TO DO: Among the lines below, copy exactly those from the one with "- by exists (join Lines q" through the one with "lines differ when", counting both ends.

Collected data:
(* Let $\mathcal P$ be a projective plane of finite order $n$. Then $\mathcal P$ contains a Fano configuration (seven points and seven lines, each line containing exactly three of the points and each point on exactly three of the lines, i.e. a subplane of order $2$) if and only if $\mathcal P$ can be coordinatised (in the sense described in the context, with some labelling set $\mathcal R$ of cardinality $n$) in such a way that the resulting additive loop $(\mathcal R,\oplus)$ contains an involution, i.e. an element $t\neq 0$ with $t\oplus t=0$.
   Context: Coordinatisation of a projective plane $\mathcal P$ of order $n$: let $\mathcal R$ be a set of cardinality $n$ with two distinguished elements $0\neq 1$, and $\infty\notin\mathcal R$ a symbol. Choose a quadrangle $O,X,Y,I$ (four points, no three collinear). Label $O=(0,0)$, $X=(0)$, $Y=(\infty)$, $I=(1,1)$; set $[\infty]=\overline{XY}$, $[0]=\overline{OY}$, $[0,0]=\overline{OX}$. Set $(0,1)=\overline{XI}\cap[0]$, $(1,0)=\overline{YI}\cap[0,0]$, $J=(1)=\overline{(1,0)(0,1)}\cap[\infty]$. Label the remaining $n-2$ points of $[0]$ other than $O,Y,(0,1)$ as $(0,a)$, $a\in\mathcal R\setminus\{0,1\}$, arbitrarily. Then set $(a,0)=\overline{(0,a)J}\cap[0,0]$, $(a)=\overline{(0,a)(1,0)}\cap[\infty]$, $(a,b)=\overline{(a,0)Y}\cap\overline{(0,b)X}$, and label lines $[a]=\overline{(a,0)Y}$ and $[m,k]=\overline{(m)(0,k)}$. The planar ternary ring (PTR) is $T:\mathcal R^3\to\mathcal R$ with $T(m,x,y)=k$ iff $(x,y)\in[m,k]$. The additive loop is $x\oplus y=T(1,x,y)$ (a loop on $\mathcal R$ with identity $0$) and the multiplicative loop is $x\odot y=T(x,y,0)$. *)

From mathcomp Require Import all_boot all_order.
Set Implicit Arguments. Unset Strict Implicit. Unset Printing Implicit Defensive.

Section Plane.
Variables (P : finType) (Lines : {set {set P}}).

Definition collinear3 (p q r : P) : bool :=
  [exists l in Lines, [&& p \in l, q \in l & r \in l]].

Definition quadrangle (O X Y U : P) : Prop :=
  [/\ uniq [:: O; X; Y; U],
      ~~ collinear3 O X Y, ~~ collinear3 O X U,
      ~~ collinear3 O Y U & ~~ collinear3 X Y U].

Definition proj_plane_of_order (n : nat) : Prop :=
  [/\ forall p q : P, p != q -> exists! l, l \in Lines /\ p \in l /\ q \in l,
      forall l m, l \in Lines -> m \in Lines -> l != m ->
        exists! p : P, p \in l /\ p \in m,
      exists O X Y U, quadrangle O X Y U
    & forall l, l \in Lines -> #|l| = n.+1 ].

Definition has_fano_configuration : Prop :=
  exists (S : {set P}) (T : {set {set P}}),
    [/\ T \subset Lines, #|S| = 7, #|T| = 7,
        forall l, l \in T -> #|l :&: S| = 3
      & forall p, p \in S -> #|[set l in T | p \in l]| = 3].

(* the line through two points (meaningful for distinct points) *)
Definition join (p q : P) : {set P} :=
  odflt set0 [pick l in Lines | (p \in l) && (q \in l)].

(* the intersection point of two lines (meaningful for distinct lines);
   d is an irrelevant default value *)
Definition meet (d : P) (l m : {set P}) : P :=
  odflt d [pick p in l :&: m].

(* Coordinatisation w.r.t. quadrangle O, X, Y, U (U = the unit point I = (1,1))
   and labelling lab : R -> points of [0] other than Y, with
   lab a = (0,a). *)
Section Coord.
Variables (R : finType) (zero one : R) (O X Y U : P) (lab : R -> P).

Definition line_inf := join X Y.
Definition line_0 := join O Y.
Definition line_00 := join O X.
Definition pt01 := meet O (join X U) line_0.
Definition pt10 := meet O (join Y U) line_00.
Definition ptJ := meet O (join pt10 pt01) line_inf.
Definition pt_a0 (a : R) := meet O (join (lab a) ptJ) line_00.
Definition pt_slope (a : R) := meet O (join (lab a) pt10) line_inf.
Definition pt_ab (a b : R) := meet O (join (pt_a0 a) Y) (join (lab b) X).
Definition line_mk (m k : R) := join (pt_slope m) (lab k).

Definition PTR (m x y : R) : R := odflt zero [pick k | pt_ab x y \in line_mk m k].

Definition loop_add (x y : R) : R := PTR one x y.

Definition is_coordinatisation (n : nat) : Prop :=
  [/\ zero != one, #|R| = n, quadrangle O X Y U,
      lab zero = O & lab one = pt01] /\
  [/\ injective lab,
      forall r, lab r \in line_0 /\ lab r != Y
    & forall p, p \in line_0 -> p != Y -> exists r, lab r = p].

End Coord.
End Plane.

From mathcomp Require Import all_boot all_order.
Set Implicit Arguments. Unset Strict Implicit. Unset Printing Implicit Defensive.

(* A Fano configuration in a projective plane is the same thing as a quadrangle
   whose three diagonal points are collinear.  Coordinatising with respect to
   such a quadrangle O X Y I, the diagonal points are (1,0), (0,1) and J = (1),
   so I = (1,1) lies on the line OJ = [1,0], i.e. 1 (+) 1 = 0.  Conversely, if
   t (+) t = 0 for some t <> 0, then (t,t) lies on OJ, and the quadrangle
   O X Y (t,t) has the collinear diagonal points (t,0), (0,t) and J. *)

(* The Fano plane on Z/7: point i lies on line j iff i - j is in the perfect
   difference set {0, 1, 3}. *)
Definition fano_incident (i j : nat) : bool := (i + 7 - j) %% 7 \in [:: 0; 1; 3].

Lemma card_ord_count n (p : pred nat) : #|[set i : 'I_n | p i]| = count p (iota 0 n).
Proof. by rewrite cardsE cardE /enum_mem size_filter -enumT -val_enum_ord count_map. Qed.

Lemma ord_rows_separate n (r : nat -> nat -> bool) :
  let I := iota 0 n in
  all (fun i => all (fun i' => (i == i') || has (fun j => r i j != r i' j) I) I) I ->
  forall i i' : 'I_n, i != i' -> exists j : 'I_n, r i j != r i' j.
Proof.
move=> I rows i i' ii'; have memI (k : 'I_n) : val k \in I by rewrite mem_iota ltn_ord.
have /orP[/eqP/val_inj/eqP|/hasP[j]] := allP (allP rows _ (memI i)) _ (memI i').
  by rewrite (negbTE ii').
by rewrite mem_iota => /andP[_ lt_jn]; exists (Ordinal lt_jn).
Qed.

Lemma card_fano_line (j : 'I_7) : #|[set i : 'I_7 | fano_incident i j]| = 3.
Proof.
by rewrite (card_ord_count 7 (fano_incident^~ j)); case: j => -[|[|[|[|[|[|[|]]]]]]].
Qed.

Lemma card_fano_pencil (i : 'I_7) : #|[set j : 'I_7 | fano_incident i j]| = 3.
Proof.
by rewrite (card_ord_count 7 (fano_incident i)); case: i => -[|[|[|[|[|[|[|]]]]]]].
Qed.

Lemma sep_imsetT (T U : finType) (f : T -> U) (p : pred U) :
  [set y in f @: setT | p y] = f @: [set x | p (f x)].
Proof.
apply/setP => y; rewrite inE; apply/andP/imsetP => [[/imsetP[x _ ->] pfx]|[x]].
  by exists x; rewrite ?inE.
by rewrite inE => pfx ->; rewrite imset_f.
Qed.

Lemma fano_configuration_of_incidence (P : finType) (Lines : {set {set P}})
    (pt : 'I_7 -> P) (ln : 'I_7 -> {set P}) :
  (forall j, ln j \in Lines) -> (forall i j, (pt i \in ln j) = fano_incident i j) ->
  has_fano_configuration Lines.
Proof.
move=> lnL incE.
have pt_inj : injective pt.
  move=> i i' ii'; apply: contraTeq isT.
  move=> /(@ord_rows_separate 7 fano_incident isT)[j].
  by rewrite -!incE ii' eqxx.
have ln_inj : injective ln.
  move=> j j' jj'; apply: contraTeq isT.
  move=> /(@ord_rows_separate 7 (fun j i => fano_incident i j) isT)[i].
  by rewrite -!incE jj' eqxx.
exists (pt @: setT), (ln @: setT); split.
- by apply/subsetP => _ /imsetP[j _ ->].
- by rewrite card_imset // cardsT card_ord.
- by rewrite card_imset // cardsT card_ord.
- move=> _ /imsetP[j _ ->].
  rewrite (_ : _ :&: _ = [set y in pt @: setT | y \in ln j]); last first.
    by apply/setP => y; rewrite !inE andbC.
  rewrite sep_imsetT card_imset // -[RHS](card_fano_line j).
  by apply: eq_card => i; rewrite !inE incE.
- move=> _ /imsetP[i _ ->].
  rewrite sep_imsetT card_imset // -[RHS](card_fano_pencil i).
  by apply: eq_card => j; rewrite !inE incE.
Qed.

Section Incidence.
Variables (P : finType) (Lines : {set {set P}}) (n : nat).
Hypothesis plane : proj_plane_of_order Lines n.

Lemma eq_line l m x y : l \in Lines -> m \in Lines -> x != y ->
  x \in l -> y \in l -> x \in m -> y \in m -> l = m.
Proof.
case: plane => uniq_line _ _ _ lL mL xy xl yl xm ym.
by have [l0 [_ l0U]] := uniq_line _ _ xy; rewrite -(l0U l) ?(l0U m).
Qed.

Lemma eq_point l m x y : l \in Lines -> m \in Lines -> l != m ->
  x \in l -> x \in m -> y \in l -> y \in m -> x = y.
Proof.
move=> lL mL lm xl xm yl ym; apply/eqP; apply: contraNT lm => xy.
by apply/eqP; apply: (eq_line lL mL xy).
Qed.

Lemma join_spec p q :
  [/\ join Lines p q \in Lines, p \in join Lines p q & q \in join Lines p q].
Proof.
have [l /and3P[lL pl ql]] : exists l, [&& l \in Lines, p \in l & q \in l].
  case: plane => uniq_line _ [O [X [_ [_ [/= /and3P[/norP[OX _] _ _] _ _ _ _]]]]] _.
  have [r rp] : exists r, r != p.
    by case: (eqVneq O p) => [<-|]; [exists X; rewrite eq_sym | exists O].
  have [<-|pq] := eqVneq p q.
    by have [l [[lL [_ pl]] _]] := uniq_line _ _ rp; exists l; rewrite lL pl.
  by have [l [[lL [pl ql]] _]] := uniq_line _ _ pq; exists l; rewrite lL pl ql.
rewrite /join; case: pickP => [l' /and3P[-> -> ->] //|none].
by have := none l; rewrite lL pl ql.
Qed.

Lemma join_line p q : join Lines p q \in Lines. Proof. by case: (join_spec p q). Qed.
Lemma mem_joinl p q : p \in join Lines p q. Proof. by case: (join_spec p q). Qed.
Lemma mem_joinr p q : q \in join Lines p q. Proof. by case: (join_spec p q). Qed.

Lemma join_eq l p q : l \in Lines -> p != q -> p \in l -> q \in l -> join Lines p q = l.
Proof.
move=> lL pq pl ql; apply: (eq_line (join_line p q) lL pq) => //.
  exact: mem_joinl.
exact: mem_joinr.
Qed.

Lemma joinC p q : join Lines p q = join Lines q p.
Proof.
have [->|pq] := eqVneq p q => //.
by rewrite (join_eq (join_line q p)) ?mem_joinl ?mem_joinr.
Qed.

Lemma meet_spec d l m : l \in Lines -> m \in Lines -> l != m ->
  meet d l m \in l /\ meet d l m \in m.
Proof.
case: plane => _ uniq_point _ _ lL mL lm.
have [p [[pl pm] _]] := uniq_point _ _ lL mL lm.
rewrite /meet; case: pickP => [x|none]; first by rewrite inE => /andP.
by have := none p; rewrite inE pl pm.
Qed.

Lemma meet_eq d l m p : l \in Lines -> m \in Lines -> l != m ->
  p \in l -> p \in m -> meet d l m = p.
Proof.
move=> lL mL lm pl pm; have [dl dm] := meet_spec d lL mL lm.
exact: (eq_point lL mL lm).
Qed.

Lemma noncollinear_notin_joins p q r : ~~ collinear3 Lines p q r ->
  [/\ r \notin join Lines p q, q \notin join Lines p r & p \notin join Lines q r].
Proof.
move=> pqr; split; apply: contra pqr => in_join; apply/existsP.
- by exists (join Lines p q); rewrite join_line mem_joinl mem_joinr in_join.
- by exists (join Lines p r); rewrite join_line mem_joinl mem_joinr in_join.
- by exists (join Lines q r); rewrite join_line mem_joinl mem_joinr in_join.
Qed.

Lemma noncollinear_of_notin_join p q r : p != q -> r \notin join Lines p q ->
  ~~ collinear3 Lines p q r.
Proof.
move=> pq; apply: contra => /existsP[l /and4P[lL pl ql rl]].
by rewrite (join_eq lL pq pl ql).
Qed.

Lemma notin_other_line (l m : {set P}) (x y : P) : x \in l -> y \in l -> x \in m ->
  l \in Lines -> m \in Lines -> x != y -> l != m -> y \notin m.
Proof.
move=> xl yl xm lL mL xy; apply: contra => ym.
by rewrite (eq_line lL mL xy xl yl xm ym).
Qed.

End Incidence.

(* Side conditions of incidence geometry are discharged by a depth-bounded
   search: two points differ when some line contains one but not the other, two
   lines differ when some point lies on one but not the other, and a point y of
   a line l is off a line m when l <> m meet in a point x <> y. *)
Ltac distinct :=
  match goal with
  | |- is_true (?x != ?y) => first
    [ assumption
    | rewrite eq_sym; assumption
    | match goal with H1 : is_true (x \in ?l), H2 : is_true (y \notin ?l) |- _ =>
        exact: (memPn H2 _ H1) end
    | match goal with H1 : is_true (y \in ?l), H2 : is_true (x \notin ?l) |- _ =>
        rewrite eq_sym; exact: (memPn H2 _ H1) end
    | match goal with H1 : is_true (?p \in x), H2 : is_true (?p \notin y) |- _ =>
        by apply: contraNneq H2 => <- end
    | match goal with H1 : is_true (?p \in y), H2 : is_true (?p \notin x) |- _ =>
        by rewrite eq_sym; apply: contraNneq H2 => <- end ]
  end.

Ltac is_line := first [assumption | apply: join_line; eassumption].

Ltac notin_depth k :=
  lazymatch k with
  | O => assumption
  | S ?k' => first
    [ assumption
    | match goal with |- is_true (?y \notin ?m) =>
      match goal with
      | Hyl : is_true (y \in ?l), Hxl : is_true (?x \in ?l),
        Hxm : is_true (?x \in m) |- _ =>
          apply: (notin_other_line _ Hxl Hyl Hxm);
            [eassumption | is_line | is_line | distinct | lines_distinct k']
      end end ]
  end
with lines_distinct k :=
  first
  [ assumption
  | rewrite eq_sym; assumption
  | match goal with |- is_true (?l != _) =>
    match goal with _ : is_true (?z \in _) |- _ =>
      apply: (contraNneq _ (_ : z \notin l)); [by move=> -> | notin_depth k]
    end end ].

Ltac distinct_by_notin :=
  match goal with |- is_true (?x != ?y) =>
    first
    [ match goal with H : is_true (x \in ?l) |- _ =>
        let Hy := fresh in
        have Hy : y \notin l; [notin_depth 2 | exact: (memPn Hy _ H)] end
    | match goal with H : is_true (y \in ?l) |- _ =>
        let Hx := fresh in have Hx : x \notin l;
          [notin_depth 2 | rewrite eq_sym; exact: (memPn Hx _ H)] end ]
  end.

SOLUTION TO THE EXERCISE:
- by exists (join Lines q r); rewrite join_line mem_joinl mem_joinr in_join.
Qed.

Lemma noncollinear_of_notin_join p q r : p != q -> r \notin join Lines p q ->
  ~~ collinear3 Lines p q r.
Proof.
move=> pq; apply: contra => /existsP[l /and4P[lL pl ql rl]].
by rewrite (join_eq lL pq pl ql).
Qed.

Lemma notin_other_line (l m : {set P}) (x y : P) : x \in l -> y \in l -> x \in m ->
  l \in Lines -> m \in Lines -> x != y -> l != m -> y \notin m.
Proof.
move=> xl yl xm lL mL xy; apply: contra => ym.
by rewrite (eq_line lL mL xy xl yl xm ym).
Qed.

End Incidence.

(* Side conditions of incidence geometry are discharged by a depth-bounded
   search: two points differ when some line contains one but not the other, two
   lines differ when some point lies on one but not the other, and a point y of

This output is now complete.